In an overview of the project, Mr. Warren characterized it as “mutually beneficial” to both the club and the town. The relief required, he admitted, was “daunting,” but said that it was no fault of Devon’s: “The difficulty was created by the imposition of regulations on this facility that has owned this property for 108 years.” The building project, he said, will not only bring the club into code compliance; it will make it more resilient to storm damage and rising sea levels; meet its minimum needs, improve the environment, and protect its “spirit and soul.”

Subtracting wetlands and beaches from the lot, he explained, yields just over six acres that are buildable. The site is further constrained because of the 150-foot setbacks from the dune along Gardiner’s Bay and from the wetlands on two other sides of the parcel. “There is no reasonable envelope on this property to reconstruct Devon Yacht Club,” he told the board.

But Devon is trying. The main clubhouse would grow by 60 percent, from its current 9,399 square feet to 15,051 square feet — over 5,000 feet larger than the largest allowed residence in the town. A new boat workshop is proposed. A bathhouse and sailing center, now housed together in one building, would instead be separated in two new ones. Staff housing would remain on site, but its square footage would double, due to the addition of a second story. (The Planning Department had wondered how much room could be added to the site if the staff housing were moved to another parcel.)

Four of eight existing tennis courts would be resurfaced. Parking, in accordance with a planning board suggestion, would nearly double, from 40 marked spots to 78, including four handicapped spots. Well over 5,000 cubic yards of fill would be imported so that septic and other structures could meet the minimum distance from groundwater.

Mr. Warren emphasized the environmental benefit of removing old septic systems and replacing them with new, low-nitrogen ones. A new stormwater drainage system will be installed as well.

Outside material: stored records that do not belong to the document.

(* Let $E$ be a finite graded atomic commutative monoid of idempotents with set of atoms $A$. Then $E$ has a monoid presentation with generators $a\in A$ and relations: $ab=ba$ for $a,b\in A$; and $a_1\cdots a_k=a_1\cdots a_kb$ for all $a_1,\ldots,a_k,b\in A$ with $1\le k\le\mathrm{rk}\,E$, $\{a_1,\dots,a_k\}$ independent and $b\le a_1\vee\cdots\vee a_k$.
   Context: A finite commutative monoid of idempotents $E$ is a join-semilattice with least element $\mathbf 0$ (the identity) and greatest element $\mathbf 1$ via $x\le y\iff xy=y$, with $xy=x\vee y$. It is graded if all saturated chains $\mathbf 0=x_0<\cdots<x_k=x$ have the same length $\mathrm{rk}(x)=k$, and $\mathrm{rk}\,E=\mathrm{rk}(\mathbf 1)$; atoms are the elements of rank $1$; $E$ is atomic if every element is a join of atoms. A set $S$ of atoms is independent if $\bigvee(S\setminus\{s\})<\bigvee S$ for every $s\in S$. *)

From mathcomp Require Import all_boot.
Unset Printing Implicit Defensive.

Section CMI.
Variables (T : finType) (op : T -> T -> T) (e : T).

Definition is_cmi : Prop :=
  [/\ associative op, commutative op, idempotent_op op & left_id e op].

Definition le (x y : T) : bool := op x y == y.
Definition lt (x y : T) : bool := le x y && (x != y).
Definition covers (x y : T) : bool :=
  lt x y && [forall z, ~~ (lt x z && lt z y)].

(* saturated chain 0 = x_0 < x_1 < ... < x_k = x, encoded as the list
   [x_1; ...; x_k] (so its length is k) *)
Definition sat_chain (x : T) (s : seq T) : bool :=
  path covers e s && (last e s == x).

Definition is_rank (x : T) (k : nat) : Prop :=
  exists s, sat_chain x s /\ size s = k.

Definition graded : Prop :=
  forall x s1 s2, sat_chain x s1 -> sat_chain x s2 -> size s1 = size s2.

Definition atom (a : T) : Prop := is_rank a 1.

Definition joinS (S : {set T}) : T := foldr op e (enum S).

Definition top : T := joinS [set: T].

Definition atomic : Prop :=
  forall x, exists S : {set T}, (forall a, a \in S -> atom a) /\ x = joinS S.

Definition independent (S : {set T}) : Prop :=
  forall s, s \in S -> lt (joinS (S :\ s)) (joinS S).

Definition gen := {a : T | atom a}.

Definition eval (w : seq gen) : T := foldr op e (map (@proj1_sig _ _) w).

Definition rel_comm (u v : seq gen) : Prop :=
  exists a b : gen, u = [:: a; b] /\ v = [:: b; a].

Definition rel_indep (u v : seq gen) : Prop :=
  exists (as_ : seq gen) (b : gen),
    1 <= size as_ /\
    (exists r, is_rank top r /\ size as_ <= r) /\
    independent [set x | x \in map (@proj1_sig _ _) as_] /\
    le (proj1_sig b) (eval as_) /\
    u = as_ /\ v = rcons as_ b.

Definition relations (u v : seq gen) : Prop := rel_comm u v \/ rel_indep u v.

End CMI.

Inductive cong (G : Type) (R : seq G -> seq G -> Prop) : seq G -> seq G -> Prop :=
| cong_base u v : R u v -> cong G R u v
| cong_refl u : cong G R u u
| cong_sym u v : cong G R u v -> cong G R v u
| cong_trans u v w : cong G R u v -> cong G R v w -> cong G R u w
| cong_ctx p q u v : cong G R u v -> cong G R (p ++ u ++ q) (p ++ v ++ q).

Definition presentation (T : finType) (op : T -> T -> T) (e : T)
  (R : seq (gen T op e) -> seq (gen T op e) -> Prop) : Prop :=
  (forall x : T, exists w, eval T op e w = x) /\
  (forall u v, eval T op e u = eval T op e v <-> cong _ R u v).

From Pilot Require Import Defs.
From mathcomp Require Import all_boot.
From Stdlib Require Import Classical.
Set Implicit Arguments.
Unset Strict Implicit.
Unset Printing Implicit Defensive.

(* Commutation lets one reorder words freely, so it suffices to show that
   u ~ u b whenever the atom b lies below the value of u: then u ~ uv ~ vu ~ v
   whenever u and v have the same value.  If some letter of u lies below the
   product of the others, it can be deleted (it is absorbed by the shorter word,
   by induction).  Otherwise the letters of u are independent, and their partial
   products form a strictly increasing chain of length |u|, which refines to a
   saturated chain from 0 to 1; this bounds |u| by a rank of E and makes
   u = u b a defining relation. *)

Lemma map_eq_cat_cons (A B : Type) (f : A -> B) (u : seq A) p' b q' :
  map f u = p' ++ b :: q' ->
  exists p c q, [/\ u = p ++ c :: q, map f p = p', f c = b & map f q = q'].
Proof.
elim: p' u => [|b' p' IHp] [|c u] //= [<- fu]; first by exists [::], c, u.
have [p [c' [q [-> <- <- <-]]]] := IHp u fu.
by exists (c :: p), c', q.
Qed.

Lemma lift_sig (A : eqType) (P : A -> Prop) (l : seq A) :
  (forall x, x \in l -> P x) -> exists w : seq {x | P x}, map sval w = l.
Proof.
elim: l => [|a l IHl] Pl; first by exists [::].
have [|w <-] := IHl; first by move=> x xl; apply: Pl; rewrite in_cons xl orbT.
by exists (exist P a (Pl a (mem_head a l)) :: w).
Qed.

#[local] Arguments cong_base {G R u v}.
#[local] Arguments cong_refl {G R u}.
#[local] Arguments cong_sym {G R u v}.
#[local] Arguments cong_trans {G R u v w}.
#[local] Arguments cong_ctx {G R} p q {u v}.

Section Presentation.
Variables (T : finType) (op : T -> T -> T) (e : T).
Hypothesis cmiE : is_cmi T op e.

Local Notation le := (le T op).
Local Notation lt := (lt T op).
Local Notation covers := (covers T op).
Local Notation gen := (gen T op e).
Local Notation eval := (eval T op e).
Local Notation joinS := (joinS T op e).
Local Notation F := (foldr op e).
Local Notation "u ~ v" := (cong gen (relations T op e) u v) (at level 70).

Let opA : associative op. Proof. by case: cmiE. Qed.
Let opC : commutative op. Proof. by case: cmiE. Qed.
Let opxx : idempotent_op op. Proof. by case: cmiE. Qed.
Let op0x : left_id e op. Proof. by case: cmiE. Qed.

Lemma leP x y : reflect (op x y = y) (le x y).
Proof. exact: eqP. Qed.

Lemma le_refl x : le x x.
Proof. by apply/leP; rewrite opxx. Qed.

Lemma le_trans y x z : le x y -> le y z -> le x z.
Proof. by move/leP=> xy /leP yz; apply/leP; rewrite -yz opA xy. Qed.

Lemma le_anti x y : le x y -> le y x -> x = y.
Proof. by move/leP=> xy /leP yx; rewrite -xy opC yx. Qed.

Lemma le0x x : le e x.
Proof. by apply/leP; rewrite op0x. Qed.

Lemma le_opl x y : le x (op x y).
Proof. by apply/leP; rewrite opA opxx. Qed.

Lemma le_opr x y : le y (op x y).
Proof. by rewrite opC le_opl. Qed.

Lemma le_op_lub x y z : le x z -> le y z -> le (op x y) z.
Proof. by move/leP=> xz /leP yz; apply/leP; rewrite -opA yz xz. Qed.

Lemma ltW x y : lt x y -> le x y.
Proof. by case/andP. Qed.

Lemma lt_le_trans y x z : lt x y -> le y z -> lt x z.
Proof.
case/andP=> xy /eqP x_neq_y yz; rewrite /lt (le_trans xy yz).
by apply/eqP=> xz; subst z; apply: x_neq_y; apply: le_anti.
Qed.

Lemma le_foldr l x : x \in l -> le x (F l).
Proof.
elim: l => //= a l IHl; rewrite in_cons => /predU1P [->|/IHl xl].
  exact: le_opl.
exact: le_trans xl (le_opr _ _).
Qed.

Lemma foldr_lub l y : (forall x, x \in l -> le x y) -> le (F l) y.
Proof.
elim: l => [|a l IHl] ley /=; first exact: le0x.
apply: le_op_lub; first by rewrite ley ?mem_head.
by apply: IHl => x xl; rewrite ley // in_cons xl orbT.
Qed.

Lemma foldr_cat l1 l2 : F (l1 ++ l2) = op (F l1) (F l2).
Proof. by elim: l1 => [|a l IHl] /=; rewrite ?op0x // IHl opA. Qed.

Lemma eval_cat u v : eval (u ++ v) = op (eval u) (eval v).
Proof. by rewrite /eval map_cat foldr_cat. Qed.

Lemma le_joinS (S : {set T}) x : x \in S -> le x (joinS S).
Proof. by move=> xS; apply: le_foldr; rewrite mem_enum. Qed.

Lemma joinS_lub (S : {set T}) y : (forall x, x \in S -> le x y) -> le (joinS S) y.
Proof. by move=> leSy; apply: foldr_lub => x; rewrite mem_enum; apply: leSy. Qed.

Lemma le_top x : le x (top T op e).
Proof. by apply: le_joinS; rewrite inE. Qed.

Lemma atom_neq0 (b : gen) : ~~ le (sval b) e.
Proof.
case: b => b [[|z [|z' s]] [chain_b //= _]]; apply/negP=> /leP.
move: chain_b; rewrite /sat_chain /= andbT => /andP [/andP [/andP [_ e_neq_z] _] /eqP zb].
by rewrite opC op0x => be; rewrite zb be eqxx in e_neq_z.
Qed.

Lemma covers_exists x y : lt x y -> exists2 z, covers x z & le z y.
Proof.
move=> xy; have Py : lt x y && le y y by rewrite xy le_refl.
(* an element of ]x, y] with the fewest elements below it covers x *)
case: (@arg_minnP _ y (fun z => lt x z && le z y) (fun z => #|[set v | le v z]|) Py).
move=> z /andP [xz zy] zmin.
exists z => //; rewrite /Defs.covers xz; apply/forallP => w.
apply/negP=> /andP [xw wz]; have := zmin w; rewrite xw (le_trans (ltW wz) zy).
move/(_ isT); apply/negP; rewrite -ltnNge; apply: proper_card; apply/properP; split.
  by apply/subsetP => v; rewrite !inE => /le_trans; apply; apply: ltW.
exists z; rewrite !inE ?le_refl //; case/andP: wz => wz /eqP w_neq_z.
by apply/negP=> zw; apply: w_neq_z; apply: le_anti.
Qed.

Lemma saturated_path x y : le x y -> exists s, path covers x s && (last x s == y).
Proof.
have [n] := ubnP #|[set w | lt x w && le w y]|.
elim: n x => // n IHn x /ltnSE interval_le xy.
have [<-|x_neq_y] := eqVneq x y; first by exists [::]; rewrite /= eqxx.
have [z xz zy] : exists2 z, covers x z & le z y.
  by apply: covers_exists; rewrite /lt xy x_neq_y.
have sub : [set w | lt z w && le w y] \proper [set w | lt x w && le w y].
  have xz' : lt x z by case/andP: xz.
  apply/properP; split; last by exists z; rewrite !inE ?xz' ?zy // /lt eqxx andbF.
  apply/subsetP => w; rewrite !inE => /andP [zw ->]; rewrite andbT.
  exact: lt_le_trans xz' (ltW zw).
have [|s /andP [zs lasts]] := IHn z _ zy.
  exact: leq_trans (proper_card sub) interval_le.
by exists (z :: s); rewrite /= xz zs.
Qed.

Lemma refine_chain c x y : path lt x c -> le (last x c) y ->
  exists s, [&& path covers x s, last x s == y & size c <= size s].
Proof.
elim: c x => [|z c IHc] x /=.
  by move=> _ /saturated_path [s /andP [xs lasts]]; exists s; rewrite xs lasts.
case/andP=> xz zc lastc; have [s2 /and3P [zs2 lasts2 c_s2]] := IHc z zc lastc.
have [[|z' s1] /andP [xs1 lasts1]] := saturated_path (ltW xz).
  by move: xz; rewrite /= in lasts1; rewrite /lt (eqP lasts1) eqxx andbF.
exists ((z' :: s1) ++ s2); rewrite cat_path last_cat (eqP lasts1) xs1 zs2 lasts2.
by rewrite size_cat /= addSn ltnS (leq_trans c_s2) ?leq_addl.
Qed.

Lemma path_lt_scanl x l :
  (forall p a q, l = p ++ a :: q -> ~~ le a (op x (F (p ++ q)))) ->
  path lt x (scanl op x l).
Proof.
elim: l x => //= a l IHl x irr; apply/andP; split.
  rewrite /lt le_opl; apply/eqP=> xa; move: (irr [::] a l erefl).
  by rewrite xa /= (le_trans (le_opr x a) (le_opl _ _)).
by apply: IHl => p b q lpq; move: (irr (a :: p) b q); rewrite lpq /= opA; apply.
Qed.

Definition irredundant (l : seq T) : Prop :=
  forall p a q, l = p ++ a :: q -> ~~ le a (F (p ++ q)).

Lemma irredundant_independent l :
  irredundant l -> independent T op e [set x | x \in l].
Proof.
move=> irr x; rewrite inE => xl; move: irr; case/splitPr: xl => p q irr; rewrite /lt.
rewrite joinS_lub => [|y]; last by rewrite !inE => /andP [_ yl]; rewrite le_joinS ?inE.
apply/eqP=> joinSx; move/negP: (irr p x q erefl); apply.
apply: (@le_trans (joinS [set y | y \in p ++ x :: q])).
  by rewrite le_joinS // inE mem_cat mem_head orbT.
rewrite -joinSx; apply: joinS_lub => y; rewrite !inE => /andP [y_neq_x yl].
by apply: le_foldr; move: yl; rewrite !mem_cat in_cons (negbTE y_neq_x).
Qed.

Lemma irredundant_rank l :
  irredundant l -> exists r, is_rank T op e (top T op e) r /\ size l <= r.
Proof.
move=> irr; have chain : path lt e (scanl op e l).
  by apply: path_lt_scanl => p a q lpq; rewrite op0x irr.
have [s /and3P [es lasts l_s]] := refine_chain chain (le_top _).
by exists (size s); split; [exists s; rewrite /sat_chain es lasts | rewrite -(size_scanl op e)].
Qed.

Lemma redundant_or_irredundant (u : seq gen) :
  (exists p c q, u = p ++ c :: q /\ le (sval c) (eval (p ++ q))) \/
  irredundant (map sval u).
Proof.
have [|no_red] := classic (exists p c q, u = p ++ c :: q /\ le (sval c) (eval (p ++ q))).
  by left.
right=> p' a q' u_eq; have [p [c [q [upq <- <- <-]]]] := map_eq_cat_cons u_eq.
by apply/negP=> red; apply: no_red; exists p, c, q; rewrite /eval map_cat.
Qed.

Lemma cong_ctxl p u v : u ~ v -> p ++ u ~ p ++ v.
Proof. by move=> uv; have := cong_ctx p [::] uv; rewrite !cats0. Qed.

Lemma cong_ctxr q u v : u ~ v -> u ++ q ~ v ++ q.
Proof. exact: (cong_ctx [::] q). Qed.

Lemma cong_move_last (a : gen) w : a :: w ~ rcons w a.
Proof.
elim: w => [|c w IHw] /=; first exact: cong_refl.
apply: cong_trans (cong_ctxl [:: c] IHw).
have ac : [:: a; c] ~ [:: c; a] by apply: cong_base; left; exists a, c.
exact: (cong_ctx [::] w ac).
Qed.

Lemma cong_catC u v : u ++ v ~ v ++ u.
Proof.
elim: u => [|a u IHu] /=; first by rewrite cats0; apply: cong_refl.
apply: cong_trans (cong_move_last _ _) _; rewrite -cats1.
apply: cong_trans (cong_ctxr _ IHu) _; rewrite -catA; apply: cong_ctxl.
by apply: cong_sym; rewrite cats1; apply: cong_move_last.
Qed.

Lemma eval_rcons_le u (b : gen) : le (sval b) (eval u) -> eval (rcons u b) = eval u.
Proof. by move/leP=> bu; rewrite -cats1 eval_cat {2}/eval /= (opC _ e) op0x opC bu. Qed.

Lemma eval_cong u v : u ~ v -> eval u = eval v.
Proof.
elim=> {u v} [u v [[a [b [-> ->]]] | [w [b [_ [_ [_ [bw [-> ->]]]]]]]]
  | u | u v _ -> | u v w _ -> _ -> | p q u v _ uv] //.
- by rewrite /eval /= opA (opC (sval a)) -opA.
- by rewrite eval_rcons_le.
- by rewrite !eval_cat uv.
Qed.

Lemma cong_rcons_le u (b : gen) : le (sval b) (eval u) -> u ~ rcons u b.
Proof.
have [n] := ubnP (size u); elim: n u b => // n IHn u b /ltnSE u_le_n bu.
have [[p [c [q [upq red]]]] | irr] := redundant_or_irredundant u.
  have pq_lt : size (p ++ q) < n by move: u_le_n; rewrite upq !size_cat addnS.
  have u_pq : u ~ p ++ q.
    rewrite upq; apply: cong_trans (cong_ctxl p (cong_move_last c q)) _.
    by rewrite -rcons_cat; apply: cong_sym; apply: IHn.
  have eval_u : eval u = eval (p ++ q) by rewrite (eval_cong u_pq).
  have pq_pqb : p ++ q ~ rcons (p ++ q) b by apply: IHn; rewrite // -eval_u.
  have pqb_ub : rcons (p ++ q) b ~ rcons u b.
    by rewrite -!cats1; apply: cong_ctxr; apply: cong_sym.
  exact: cong_trans u_pq (cong_trans pq_pqb pqb_ub).
apply: cong_base; right; exists u, b; split; last split.
- by case: u {IHn u_le_n irr} bu => // b0; move: (atom_neq0 b); rewrite b0.
- by have [r [rk ur]] := irredundant_rank irr; exists r; rewrite -(size_map sval).
- by split; [exact: irredundant_independent | split].
Qed.

Lemma cong_cat_le u v : (forall x, x \in map sval v -> le x (eval u)) -> u ~ u ++ v.
Proof.
elim: v u => [|b v IHv] u vu; first by rewrite cats0; apply: cong_refl.
have bu : le (sval b) (eval u) by rewrite vu ?mem_head.
apply: cong_trans (cong_rcons_le bu) _; rewrite -cat_rcons; apply: IHv => x xv.
by rewrite eval_rcons_le // vu // in_cons xv orbT.
Qed.

Lemma cong_eval u v : eval u = eval v -> u ~ v.
Proof.
move=> uv; have u_uv : u ~ u ++ v by apply: cong_cat_le => x xv; rewrite uv le_foldr.
have v_vu : v ~ v ++ u by apply: cong_cat_le => x xu; rewrite -uv le_foldr.
exact: cong_trans u_uv (cong_trans (cong_catC u v) (cong_sym v_vu)).
Qed.

End Presentation.

Theorem proposition1 (T : finType) (op : T -> T -> T) (e : T) :
  is_cmi T op e -> graded T op e -> atomic T op e ->
  presentation T op e (relations T op e).
Proof.
move=> cmiE _ atomicE; split=> [x | u v]; last first.
  by split; [exact: cong_eval | exact: eval_cong].
have [S [S_atoms ->]] := atomicE x.
have [w w_S] : exists w : seq (gen T op e), map sval w = enum S.
  by apply: lift_sig => a; rewrite mem_enum; apply: S_atoms.
by exists w; rewrite /eval w_S.
Qed.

He also assured the zoning board that the club would not expand its membership past 400, and highlighted club members’ support of East Hampton Town services. “They don’t just think about themselves, but also community,” he said. “It’s a quiet little

club nestled along the shoreline of Gardiner’s Bay, in the woods.”

The project is expected to cost some $20 million, all of it to be paid by its members. But, said Mr. Warren, “If you carve up this plan where they don’t get the benefit of the $20 million they’re going to spend, they won’t support it.”

Ms. Liquori spoke next. “The wetland complex traversing the property has been identified as one of the most magnificent in all of the town, with high plant diversity, critical flood resiliency, and water quality benefit,” she said. Speaking of Devon’s 760 linear feet of coastline along Gardiner’s Bay, she said she could not help pointing out that “a longtime feature of this landscape has been the intensely developed Devon Yacht Club itself.”

There are certainly some positive environmental aspects of the application, Ms. Liquori said, though counterbalanced by the difficult-to-ignore facts that seven buildings would meet fewer than half of the minimum wetland setbacks, and that staff housing would be only 12 feet from wetlands. She also questioned whether a proposed regrading of a dune was necessary.

The Z.B.A., she said, would have to determine whether the environmental improvements were enough to offset nearly 6,000 square feet of new development in the sensitive dune crest setback area.

“I’m not sure I see a path without eliminating things,” said Ed Johann, a board member. “We can say it should be farther from the wetland, but then we crash into something else.”

Roy Dalene, the board chairman, was concerned about many aspects, including drainage, grading, maximizing setbacks, and the visual impact of the project.

Jaine Mehring, a board member, had recused herself from the application. The four remaining members decided they needed to process what they’d learned and hold another hearing, on Dec. 17, before providing the planning board with written comments.